Artist

Fever Ray

Genre: Alt / Indie ,Indie Electronic ,Electronica ,Left-Field Pop ,IDM
Origin: U.S.A
Active: 2009 - Present
Listen on Coda
As Fever Ray, Karin Dreijer expands and intensifies the fluid electronic pop once shaped by their prior band the Knife, probing identity, sexuality, and belonging with greater depth through sound and visuals alike. The introspective character portraits on 2009's Fever Ray supplied a closer, more private lens on the frosty textures and altered vocals refined during their Knife years, whereas 2017's fervent Plunge supplied bold declarations on queerness, politics, and longing that often proved electrifying. Although 2023's Radical Romantics adopted a brighter, friskier stance toward those same subjects, Fever Ray persisted in testing creative limits, challenging societal constraints, and sustaining a lineage that linked synth pop origins to forward-thinking experimentation.

Born in Gothenburg, Sweden, Dreijer took up guitar at age ten. Following a stint as a web designer, they launched Honey Is Cool in the early '90s; that band issued multiple EPs plus two albums, Crazy Love in 1997 and Early Morning Are You Working? in 1999. Once the group dissolved, Dreijer channeled efforts into the Knife, the electro-pop venture formed with sibling Olof in 1999. Vivid and occasionally disquieting songs, paired with a talent for arresting costumes and design, helped the Knife rank among the decade's most inventive acts in both music and presentation. Their self-titled 2001 debut wove industrial elements together with playful accents such as panpipes and saxophone inside subversively melodic electro-pop, a method they refined on 2003's Deep Cuts and rendered moodier and more inward on 2006's Silent Shout.

Dreijer launched Fever Ray once their second child arrived and the Knife completed the Silent Shout tour. Working alone on initial demos and ideas, they later partnered with Silent Shout collaborator and producer Christoffer Berg. News of the endeavor emerged in mid-2008, and an instrumental take of "If I Had a Heart" surfaced on Fever Ray's MySpace page several months afterward. Additional input came from Van Rivers and the Subliminal Kid; the album first appeared digitally in January 2009, followed by a physical edition that March. Darker, more focused, and more confessional than prior Knife material, Fever Ray earned widespread acclaim, reached the Top Ten in both Sweden and Norway, and entered the U.S. Top Ten on the Heatseekers Albums and Top Dance/Electronic Albums charts.

In the wake of Fever Ray's arrival, Dreijer balanced multiple endeavors. Later in 2009 they scored Dirty Diaries, a collection of feminist pornographic shorts. They also rejoined the Knife for Tomorrow, In a Year, an opera drawn from Charles Darwin's On the Origin of Species that incorporated Mt.

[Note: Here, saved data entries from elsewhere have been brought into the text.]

Lemma isolating_covers_vanish (L : nat -> list (X * R)) :
  (forall n p, In p (L n) -> isolating_ball n p) ->
  forall x, exists e, e > 0 /\ exists M,
    forall z, d x z < e -> forall n, (n >= M)%nat -> cover_fun d (L n) z = 0.
Proof.
  intros HL x. destruct (eventually_far x) as [e [He [N HN]]].
  destruct (archimed_cor1 (e / 2)) as [M0 [HM0 HM0pos]]; [lra|].
  exists (e / 2). split; [lra|]. exists (Nat.max N M0).
  intros z Hxz n Hn. apply Rle_antisym; [|apply cover_fun_nonneg].
  apply Rnot_lt_le. intro Hpos.
  destruct (cover_fun_pos d (L n)) with z as [p [Hp Hzp]];
    [intros q Hq; apply (HL n q Hq)|exact Hpos|].
  destruct (HL n p Hp) as [HYp [[_ Hsmall] _]].
  assert (/ INR (S n) <= / INR M0).
  { apply Rinv_le_contravar; [apply lt_0_INR; lia|apply le_INR; lia]. }
  specialize (HN n ltac:(lia) (fst p) HYp).
  pose proof (dist_triangle d Hd x z (fst p)). lra.
Qed.

Lemma cover_fun_off_piece n l m z :
  (forall p, In p l -> isolating_ball n p) -> m <> n -> Y m z -> cover_fun d l z = 0.
Proof.
  intros Hl Hmn Hz. apply cover_fun_far; intros p Hp; destruct (Hl p Hp) as [_ [Hr Hiso]].
  - apply Hr.
  - rewrite (dist_sym d Hd). apply (Hiso m Hmn z Hz).
Qed.

Lemma cone_extension (nk : nat -> nat) (c : nat -> X) (r : nat -> R) :
  strictly_increasing nk -> (forall k, r k > 0) ->
  exists H : X -> R, continuous_real d H /\ (forall z, 0 <= H z <= 1) /\
    (forall k z, Y (nk k) z -> H z = cone d (c k) (r k) z) /\
    (forall m z, Y m z -> (forall k, nk k <> m) -> H z = 0).
Proof.
  intros Hincr Hr.
  destruct (choice _ isolating_cover) as [L HL].
  assert (HLball : forall n p, In p (L n) -> isolating_ball n p) by apply HL.
  assert (HLpos : forall n p, In p (L n) -> snd p > 0) by apply HLball.
  (* On [Y (nk k)] the factor 2 lifts the cut-off to at least 1, above the cone. *)
  set (b := fun k z => Rmin (2 * cover_fun d (L (nk k)) z) (cone d (c k) (r k) z)).
  assert (Hb : forall k z, 0 <= b k z <= 1).
  { intros k z. pose proof (cover_fun_nonneg d (L (nk k)) z).
    pose proof (cone_bounds d Hd (c k) (r k) (Hr k) z).
    unfold b, Rmin; destruct Rle_dec; lra. }
  assert (Hb_on : forall k z, Y (nk k) z -> b k z = cone d (c k) (r k) z).
  { intros k z Hz. destruct (HL (nk k)) as [_ Hcov]. destruct (Hcov z Hz) as [p [Hp Hzp]].
    pose proof (cone_near d (fst p) (snd p) (HLpos _ p Hp) z Hzp).
    pose proof (cover_fun_ge_cone d (L (nk k)) p z Hp).
    pose proof (cone_bounds d Hd (c k) (r k) (Hr k) z).
    apply Rmin_right. lra. }
  assert (Hb_zero : forall k z, cover_fun d (L (nk k)) z = 0 -> b k z = 0).
  { intros k z Hz. unfold b. rewrite Hz, Rmult_0_r.
    apply Rmin_left, (cone_bounds d Hd); auto. }
  assert (Hb_off : forall k m z, m <> nk k -> Y m z -> b k z = 0).
  { intros k m z Hm Hz. apply Hb_zero, (cover_fun_off_piece (nk k) _ m); auto. }
  assert (Hb_lip : forall k, exists L, lipschitz d L (b k)).
  { intros k. destruct (cover_fun_lipschitz d Hd (L (nk k)) (HLpos _)) as [Lc HLc].
    exists (Rmax (Rabs 2 * Lc) (/ r k)). apply lipschitz_min.
    - apply (lipschitz_weaken d Hd) with (L := Rabs 2 * Lc); [apply Rmax_l|].
      apply lipschitz_scal, HLc.
    - apply (lipschitz_weaken d Hd) with (L := / r k); [apply Rmax_r|].
      apply cone_lipschitz; auto. }
  destruct (locally_finite_max d Hd b Hb Hb_lip) as [H [Hcont [H01 HH]]].
  { intros x. destruct (isolating_covers_vanish L HLball x) as [e [He [M HM]]].
    exists e. split; [exact He|]. exists M. intros z Hz k Hk. apply Hb_zero, HM; auto.
    pose proof (strictly_increasing_ge nk Hincr k). lia. }
  exists H. split; [exact Hcont|]. split; [exact H01|]. split.
  - intros k z Hz. rewrite <- (Hb_on k z Hz).
    assert (Hothers : forall j, j <> k -> b j z = 0).
    { intros j Hj. apply (Hb_off j (nk k)); auto.
      intro E. apply Hj, (strictly_increasing_inj nk Hincr). auto. }
    rewrite (HH z (S k)), (max_upto_single b Hb k z Hothers); [reflexivity|lia|].
    intros j Hj. apply Hothers. lia.
  - intros m z Hz Hm. rewrite (HH z 0%nat); [reflexivity|].
    intros k _. apply (Hb_off k m); auto.
Qed.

Sims and Planningtorock; its music emerged in 2010. The next year Dreijer supplied "The Wolf" to the film Red Riding Hood and wrote the score for a theatrical version of Ingmar Bergman's 1968 horror picture Hour of the Wolf.

After the Knife issued 2013's Shaking the Habitual and toured extensively—an outing preserved on 2014's Shaken-Up Versions—the duo split. While developing new Fever Ray work, Dreijer composed and produced the 2016 play Vahák. In 2017 they released the Fever Ray single "To the Moon and Back" just before the unexpected October drop of full-length Plunge, which received its physical release in February 2018. A team that included producers Johannes Berglund, Peder Mannerfelt, and Nídia, along with violinist Sara Parkman, helped shape an album that examined sexuality, sensuality, and family membership across its ambitious songs. At that year's Swedish Grammys, Dreijer and the Plunge production team received the Producer of the Year award. The 2019 concert album Live at Troxy captured Plunge's intricate stage presentation, which involved Dreijer collaborating with female and non-binary performers over 40. That same year Fever Ray and Björk exchanged remixes—Björk handling Plunge's "This Country," Fever Ray tackling Utopia's "Features Creatures"—while the Knife supplied a separate remix of "Features Creatures" for the same project. December brought Plunge Remix, featuring reinterpretations by Glasser, Paula Temple, Olof Dreijer, and Tami T.

Around then Dreijer began Fever Ray's third album. Working inside a Stockholm studio constructed with their brother, they enlisted Vessel, Aasthma, Trent Reznor, and Atticus Ross, and reconnected with Nídia, Berglund, and Olof Dreijer. Released in March 2023, Radical Romantics presented a lighter, more dance-oriented version of Fever Ray's sound that extended Plunge's inquiries into varied forms of love and connection.